IT WAS A CLEAR Labor Day morning when Steve Fossett told his pal Barron Hilton-whose million-acre Flying M Ranch, near Hawthorne, Nevada, he was visiting-that he was going for a spin. He took off at just before 9 a.m. in Hilton's Bellanca Super Decathlon, an athletic high-wing designed more for aerobatics than any long-distance flying. The plan was to be back for lunch. A soybean tycoon from Chicago, Fossett could take care of himself; the man was the first to pilot both a hot-air balloon and a jet around the world; he'd swum the English Channel, mushed the Iditarod, and finished the Ironman Triathlon. But when he didn't come back by nightfall, Hilton and Fossett's wife, Peggy, launched what would become the largest and most expensive search-and-rescue operation in American history, one that would ultimately eat up $1.6 million in public and $1.2 million in private funds.
For more than a month, the search dragged on. They went big: Civil Air Patrollers blanketed the desert and subalpine sky. Walker Lake, the only big blue spot anywhere near the ranch, was seined with high-tech electronics. Expensive high-resolution photographs were fed into computers looking for anomalies. Meanwhile, amateur geeks from Switzerland and New Zealand looked for Fossett's plane on their coffee breaks, via Google Earth. But on February 15, 2008, after the ATVs and the satellites and the dogs and the geeks turned up nothing, the 63-year-old adventurer was declared dead.
The mystery, however, was in full swing. Conspiracy theories were fermenting: Fossett had faked his disappearance; his financial ship was taking a nosedive. Fossett was only very recently "checked out" on that particular aircraft, not an easy one to fly. There's debate over whether or not the plane was topped off with fuel. The Flying M staff pilot was the only one who saw him take off, then-maybe-a cowboy saw him south of the runway. But where was he going? And why didn't the emergency transmitter go off?
Into this cloud bounded Simon Donato in a pair of Merrell trail runners. His plan: to use hyperfit dudes on the ground, where technology turned up nil. A stratigrapher by day, making his living mapping layers in the earth for oil exploration, Donato is also a veteran adventure racer, his résumé stuffed with sufferfests from Eco Challenge Fiji to Raid the North Extreme, Newfoundland. His idea, dubbed Adventure Science, is that with their superior fitness and endurance, adventure racers are ideally suited to canvass vast and rough country that turns back 4x4s and ATVs-and in a tenth of the time it takes classic foot searchers. "I had an epiphany several years ago while conducting my geology Ph.D. field work in Oman," Donato says. "I realized that doing things 'the easy way'-i.e., driving instead of walking-sometimes meant that crucial details were overlooked. Obviously, the high-tech method to find Fossett has failed, so it only makes sense to put the fastest and fittest people I could find on the ground to search the most difficult areas."

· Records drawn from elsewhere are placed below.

Definition successor (i : 'I_(m.+2)) := projT1 (cid (exists_successor i)).

Lemma successorP i : A i (successor i) = 1.
Proof. exact: (projT2 (cid (exists_successor i))). Qed.

Definition splice (w : Seqs m) (N : int) (v : nat -> 'I_(m.+2)) : Seqs m :=
  fun i => if i < N then w i else v `|i - N|%N.

Lemma splice_TMC w N v : TMC A w -> v 0%N = w N ->
  (forall t, A (v t) (v t.+1) = 1) -> TMC A (splice w N v).
Proof.
move=> Hw v0 Hv i; rewrite /splice.
have [iN|Ni] := ltP i N.
  have [i1N|Ni1] := ltP (i + 1) N; first exact: Hw.
  have e : i + 1 = N by lia.
  by rewrite -e subrr /= v0 -e; exact: Hw.
have -> : (i + 1 < N) = false by apply/negbTE; rewrite -leNgt (le_trans Ni) // lerDl.
have -> : `|(i + 1 - N)%R|%N = (`|(i - N)%R|%N).+1 by lia.
exact: Hv.
Qed.

Lemma TMC_branch (w : Seqs m) (N : int) : TMC A w -> exists w' : Seqs m,
  [/\ TMC A w', (forall i, i <= N -> w' i = w i) &
      exists K : nat, w' (N + K%:Z) != w (N + K%:Z)].
Proof.
move=> Hw; have [K [_ HK]] := A_prim.
pose j : 'I_(m.+2) := if w (N + K%:Z) == ord0 then ord_max else ord0.
have jn : j != w (N + K%:Z).
  rewrite /j; case E: (w (N + K%:Z) == ord0); last by rewrite eq_sym E.
  by move/eqP: E => ->; apply/eqP => /(congr1 val).
have [p [p0 pK pt]] := mx_power_gt0_path (HK (w N) j).
pose v t := if (t <= K)%N then p t else iter (t - K) successor j.
exists (splice w N v); split.
- apply: splice_TMC => // t; rewrite /v; case: (ltngtP t K) => tK.
  + exact: pt.
  + by rewrite subSn ?(ltnW tK) //=; exact: successorP.
  + by rewrite tK subSnn /= pK; exact: successorP.
- move=> i iN; rewrite /splice; case: ltP => // Ni.
  have -> : i = N by apply/eqP; rewrite eq_le iN Ni.
  by rewrite subrr /v /= p0.
- exists K; rewrite /splice.
  have -> : (N + K%:Z < N) = false by apply/negbTE; rewrite -leNgt lerDl.
  have -> : `|(N + K%:Z - N)%R|%N = K by lia.
  by rewrite /v leqnn pK.
Qed.

End admissible_paths.

Lemma adde_le_half (R : realFieldType) (x y : \bar R) (d : R) :
  (0 <= x)%E -> (0 <= y)%E -> (x + y <= d%:E)%E ->
  (x <= (d / 2)%:E)%E \/ (y <= (d / 2)%:E)%E.
Proof.
case: x => [r1| |] //; case: y => [r2| |] // _ _; rewrite !lee_fin => h.
by have [|] := leP r1 (d / 2); [left | right; lra].
Qed.

Section cylinder_measure.
Variables (R : realType) (m : nat) (A : 'M[int]_(m.+2)).
Variable mu : {measure set (Seqs m) -> \bar R}.

Lemma measure_cylinder_le (z : Seqs m) (L L' : nat) : (L <= L')%N ->
  (mu (cylinder A 0 (L'%:Z - 1) z) <= mu (cylinder A 0 (L%:Z - 1) z))%E.
Proof.
move=> LL; apply: le_measure; rewrite ?inE; try exact: cylinder_measurable.
by apply: cylinder_subset; lia.
Qed.

Hypothesis mu_sshift :
  forall B : set (Seqs m), measurable B -> mu (@sshift m @^-1` B) = mu B.

Lemma measure_cylinder_translate1 a b w :
  mu (cylinder A (a + 1) (b + 1) (fun j => w (j - 1))) = mu (cylinder A a b w).
Proof.
rewrite -(mu_sshift (cylinder_measurable A a b w)); congr (mu _).
apply/seteqP; split => x /=.
  by move=> H; apply/(cylinder_translate A a b w x 1).
by move/(cylinder_translate A a b w x 1).
Qed.

Lemma measure_cylinder_translate (n : nat) a b w :
  mu (cylinder A (a + n%:Z) (b + n%:Z) (fun j => w (j - n%:Z))) =
  mu (cylinder A a b w).
Proof.
elim: n => [|n IH].
  by rewrite !addr0; congr (mu (cylinder _ _ _ _)); apply/funext => j; rewrite subr0.
rewrite -IH -(measure_cylinder_translate1 (a + n%:Z)) -[_.+1]addn1 PoszD.
congr (mu (cylinder _ _ _ _)); rewrite ?addrA //.
by apply/funext => j; rewrite opprD addrA addrAC.
Qed.

Lemma measure_cylinder_origin a b w :
  mu (cylinder A a b w) = mu (cylinder A 0 (b - a) (fun j => w (j + a))).
Proof.
case: a => n.
  rewrite -[RHS](measure_cylinder_translate n) add0r subrK.
  by congr (mu (cylinder _ _ _ _)); apply/funext => j; rewrite subrK.
by rewrite -[LHS](measure_cylinder_translate n.+1) NegzE addNr.
Qed.

Hypotheses (A01 : zero_one A) (A_prim : primitive_mx A).

Lemma cylinder_halve (z : Seqs m) (L : nat) (d : R) : TMC A z -> (0 < L)%N ->
  (mu (cylinder A 0 (L%:Z - 1) z) <= d%:E)%E ->
  exists (z' : Seqs m) (L' : nat), [/\ TMC A z', (0 < L')%N &
    (mu (cylinder A 0 (L'%:Z - 1) z') <= (d / 2)%:E)%E].
Proof.
move=> Hz L0 Hd.
have [w' [Hw' Hagree [K HK]]] := TMC_branch A01 A_prim (L%:Z - 1) Hz.
pose C1 := cylinder A 0 ((L + K)%N%:Z - 1) z.
pose C2 := cylinder A 0 ((L + K)%N%:Z - 1) w'.
have C12 : C1 `&` C2 = set0.
  apply/seteqP; split => // x [[_ H1] [_ H2]].
  have hK : 0 <= L%:Z - 1 + K%:Z <= (L + K)%N%:Z - 1 by apply/andP; split; lia.
  by move: HK; rewrite -(H1 _ hK) -(H2 _ hK) eqxx.
have C12_sub : C1 `|` C2 `<=` cylinder A 0 (L%:Z - 1) z.
  move=> x [|[Hx1 Hx2]]; first by apply: cylinder_subset; lia.
  by split => // i Hi; rewrite Hx2 ?Hagree //; lia.
have : (mu C1 + mu C2 <= d%:E)%E.
  rewrite -measureU ?C12 //; try exact: cylinder_measurable.
  apply: le_trans Hd; apply: le_measure C12_sub; rewrite inE.
    by apply: measurableU; exact: cylinder_measurable.
  exact: cylinder_measurable.
have LK : (0 < L + K)%N by rewrite addn_gt0 L0.
by move/adde_le_half => /(_ (measure_ge0 _ _) (measure_ge0 _ _)) [h|h];
  [exists z | exists w']; exists (L + K)%N.
Qed.

End cylinder_measure.

Section small_cylinders.
Variables (R : realType) (m : nat) (A : 'M[int]_(m.+2)).
Variable mu : probability (Seqs m) R.
Hypotheses (A01 : zero_one A) (A_prim : primitive_mx A).
Hypothesis mu_TMC : mu (TMC A) = 1%E.

Lemma TMC_neq0 : exists z, TMC A z.
Proof.
apply/set0P/eqP => H; move: mu_TMC; rewrite H measure0 => /eqP.
by rewrite eq_sym onee_eq0.
Qed.

Lemma small_cylinder (j : nat) : exists (z : Seqs m) (L : nat),
  [/\ TMC A z, (0 < L)%N & (mu (cylinder A 0 (L%:Z - 1) z) <= ((2 ^ j)%:R^-1)%:E)%E].
Proof.
elim: j => [|j [z [L [Hz L0 Hd]]]].
  have [z Hz] := TMC_neq0.
  exists z, 1%N; split => //; rewrite expn0 invr1.
  by apply: probability_le1; exact: cylinder_measurable.
have [z' [L' [H1 H2]]] := cylinder_halve A01 A_prim Hz L0 Hd.
by exists z', L'; split => //; rewrite expnS natrM invfM mulrC.
Qed.

End small_cylinders.

Definition period (k : nat) := (2 ^ k.+2)%N.

Lemma period_gt0 k : (0 < period k)%N.
Proof. by rewrite expn_gt0. Qed.

Lemma gibbs_cylinder_gt0 (R : realType) (m : nat) (A : 'M[int]_(m.+2))
    (phi : Seqs m -> R) (mu : probability (Seqs m) R) (z : Seqs m) (L : nat) :
  gibbs_measure A phi mu -> TMC A z -> (0 < L)%N ->
  (0 < mu (cylinder A 0 (L%:Z - 1) z))%E.
Proof.
move=> [_ _ [c1 [c2 [P [c10 [_ Hg]]]]]] Hz L0.
have /andP[+ _] := Hg z L Hz L0; apply: lt_le_trans.
by rewrite lte_fin mulr_gt0 // expR_gt0.
Qed.

Section good_cylinders.
Variables (R : realType) (m : nat) (A : 'M[int]_(m.+2)).
Variables (mu : probability (Seqs m) R) (eps : R).
Hypotheses (A01 : zero_one A) (A_prim : primitive_mx A).
Hypothesis mu_TMC : mu (TMC A) = 1%E.
Hypothesis mu_cylinder_gt0 : forall z (L : nat), TMC A z -> (0 < L)%N ->
  (0 < mu (cylinder A 0 (L%:Z - 1) z))%E.
Hypothesis eps_gt0 : 0 < eps.

Lemma good_cylinder (k : nat) : exists (z : Seqs m) (L : nat) (q : R),
  [/\ (0 < L)%N, ~~ odd L, 2 * (period k)%:R <= eps * L%:R,
      mu (cylinder A 0 (L%:Z - 1) z) = q%:E & 0 < q <= (period k)%:R^-1].
Proof.
have [z [L1 [Hz L1_gt0 Hsmall]]] := small_cylinder A01 A_prim mu_TMC k.+2.
pose M := (Num.truncn (2 * (period k)%:R / eps)).+1.
pose L := (2 * (L1 + M))%N.
have L_gt0 : (0 < L)%N by rewrite muln_gt0 addn_gt0 L1_gt0.
have L1L : (L1 <= L)%N by lia.
have : (mu (cylinder A 0 (L%:Z - 1) z) <= ((period k)%:R^-1)%:E)%E.
  exact: le_trans (measure_cylinder_le A mu z L1L) Hsmall.
have := mu_cylinder_gt0 Hz L_gt0.
case mu_L: (mu (cylinder A 0 (L%:Z - 1) z)) => [q| |] //.
rewrite lte_fin lee_fin => q_gt0 q_le.
exists z, L, q; split => //.
- by rewrite oddM.
- have M_gt : 2 * (period k)%:R / eps < M%:R by apply: truncnS_gt.
  have ML : (M%:R : R) <= L%:R by rewrite ler_nat; lia.
  by rewrite -ler_pdivrMl // mulrC (le_trans (ltW M_gt)).
- by rewrite q_gt0 q_le.
Qed.

Lemma good_cylinder_family : exists (z : nat -> Seqs m) (L : nat -> nat) (q : nat -> R),
  forall k, [/\ (0 < L k)%N, ~~ odd (L k), 2 * (period k)%:R <= eps * (L k)%:R,
    mu (cylinder A 0 ((L k)%:Z - 1) (z k)) = (q k)%:E & 0 < q k <= (period k)%:R^-1].
Proof.
have [z /choice[L /choice[q Hq]]] := choice good_cylinder.
by exists z, L, q.
Qed.

End good_cylinders.

Section blocks.
Variable len : nat -> nat.
Hypothesis len_gt0 : forall k, (0 < len k)%N.

Fixpoint block_start K := if K is K'.+1 then (block_start K' + len K')%N else 0%N.

Fixpoint block_of n := if n is n'.+1 then
  (if n'.+1 == block_start (block_of n').+1 then (block_of n').+1 else block_of n')
  else 0%N.

Lemma block_start_homo : {homo block_start : K K' / (K <= K')%N}.
Proof.
apply: (homo_leq (r := fun a b => (a <= b)%N)) => [//|y x z|K /=].
  exact: leq_trans.
exact: leq_addr.
Qed.

Lemma block_ofP n : (block_start (block_of n) <= n < block_start (block_of n).+1)%N.
Proof.
elim: n => [|n IH] /=; first by rewrite add0n len_gt0.
move/andP: IH => [h1 h2]; case: eqP => [e|ne] /=.
  by have := len_gt0 (block_of n).+1; lia.
by move: h2 ne => /=; lia.
Qed.

Lemma block_of_eq n K : (block_start K <= n < block_start K.+1)%N -> block_of n = K.
Proof.
move=> /andP[h1 h2]; have /andP[h3 h4] := block_ofP n.
have [lt|gt|//] := ltngtP (block_of n) K.
  by have := block_start_homo lt; lia.
by have := block_start_homo gt; lia.
Qed.

End blocks.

The Fossett search is a test run. Donato has plans to use Adventure Science to look (at high speed) for dinosaur bones in Alberta next summer and to search (at peak fitness)for lost Inca cities in Peru. He explains this all on adventurescience.ca, which looks not unlike a movie trailer-"The adventure begins July 14..."-and reads like a thriller:"They will pack lightly, move quickly, and suffer extremes. They will explore the unexplored."
Donato, however, wasn't alone in thinking that it might take an adventurer to find an adventurer. Robert Hyman, a Washington, D.C., alpinist and Explorers Club fellow (Hyman and Donato are both members, as was Fossett) was planning a search trip for August-a self-funded undertaking with ATVs that would also test "search-planning visibility software"for NASA. Hyman, a 49-year-old private investor, told me he believed that the wreckage was in "the vertical zone," maybe hidden under a cliff or slammed into a rock cleft, and that he'd recruited several elite climbers, Wyoming-based Exum Guides Michael Ruth, Wes Bunch, and Calvin Hebert. Unlike Team Adventure Science, Hyman had the blessing of Fossett's family.
The expeditions, however, were cooperating, and both had the seriousness of purpose, Hyman emphasized, of locating a presumed dead colleague. That's not to say there wasn't a little polite trash talk. "I checked out Donato's Web site. It sure seems like he's using the Fossett name to promote himself," Hyman emailed me. "But I hope they find the crash site."
So did I. I have to admit, though, I arrived in the desert a skeptic. If millions of dollars and an arsenal of Space Age technology couldn't find a multimillionaire in an airplane, how were a bunch of Canadian marathoners with Band-Aids on their Lycra-chafed nipples going to pull it off?